## Your instructions
Transcribe word for word the lines spanning the line with "Definition is_band (R" through the end of the records.

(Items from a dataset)
(* Let $A,A_1,A_2,\ldots$ be band operators on $\ell^2(\mathbb{Z})$ such that $\sup_m\|A_m\|<\infty$ and the band-widths of $A$ and all $A_m$ are bounded by a common $w\in\mathbb{N}$. If \[ \forall N\in\mathbb{N}\ \exists m_0\in\mathbb{N}\ \forall m\ge m_0:\quad\mathcal{C}_N(A_m)=\mathcal{C}_N(A), \] then $\nu(A_m)\to\nu(A)$ and, in fact, $\nu(A_m-\lambda)\to\nu(A-\lambda)$ for every $\lambda\in\mathbb{C}$, as $m\to\infty$.
   Context: A band operator on $\ell^2(\mathbb{Z})$ with band-width at most $w$ is a bounded operator whose matrix entries satisfy $A_{ij}=0$ for $|i-j|>w$. The lower norm is $\nu(T):=\inf\{\|Tx\|:\|x\|=1\}$. For $N\in\mathbb{N}$, $\mathcal{C}_N(A)$ is the set of all $(N+2w)\times N$ matrices $C=(C_{ij})_{i\in1-w..N+w,\,j\in1..N}$ with $C_{ij}=A_{k+i,k+j}$ for some $k\in\mathbb{Z}$ (the ''$N$-column submatrices'' of $A$), where $a..b:=\{n\in\mathbb{Z}:a\le n\le b\}$. *)

From HB Require Import structures.
From mathcomp Require Import all_boot all_order all_algebra.
From mathcomp Require Import all_classical all_reals.
From mathcomp Require Import all_analysis.
From mathcomp Require Import complex.
Set Implicit Arguments. Unset Strict Implicit. Unset Printing Implicit Defensive.
Import Order.TTheory GRing.Theory Num.Theory.
Local Open Scope ring_scope.
Local Open Scope classical_set_scope.

Definition csq (R : realType) (z : R[i]) : R := (complex.Re z) ^+ 2 + (complex.Im z) ^+ 2.

Definition sumsq (R : realType) (x : int -> R[i]) : \bar R :=
  (\esum_(i in [set: int]) (csq (x i))%:E)%E.
Definition in_l2 (R : realType) (x : int -> R[i]) : Prop := (sumsq x < +oo)%E.
Definition l2norm (R : realType) (x : int -> R[i]) : R := Num.sqrt (fine (sumsq x)).

Definition bandwidth_le (R : realType) (a : int -> int -> R[i]) (w : nat) : Prop :=
  forall i j : int, (w < `|i - j|)%N -> a i j = 0.

Definition band_apply (R : realType) (w : nat) (a : int -> int -> R[i]) (x : int -> R[i]) : int -> R[i] :=
  fun i => \sum_(k < (2 * w).+1) a i (i - w%:Z + k%:Z) * x (i - w%:Z + k%:Z).

Definition op_norm_le (R : realType) (w : nat) (a : int -> int -> R[i]) (M : R) : Prop :=
  forall x, in_l2 x -> in_l2 (band_apply w a x) /\ l2norm (band_apply w a x) <= M * l2norm x.

Definition bounded_op (R : realType) (w : nat) (a : int -> int -> R[i]) : Prop :=
  exists M : R, op_norm_le w a M.

Definition is_band (R : realType) (w : nat) (a : int -> int -> R[i]) : Prop :=
  bandwidth_le a w /\ bounded_op w a.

## Solution to this problem
Definition is_band (R : realType) (w : nat) (a : int -> int -> R[i]) : Prop :=
  bandwidth_le a w /\ bounded_op w a.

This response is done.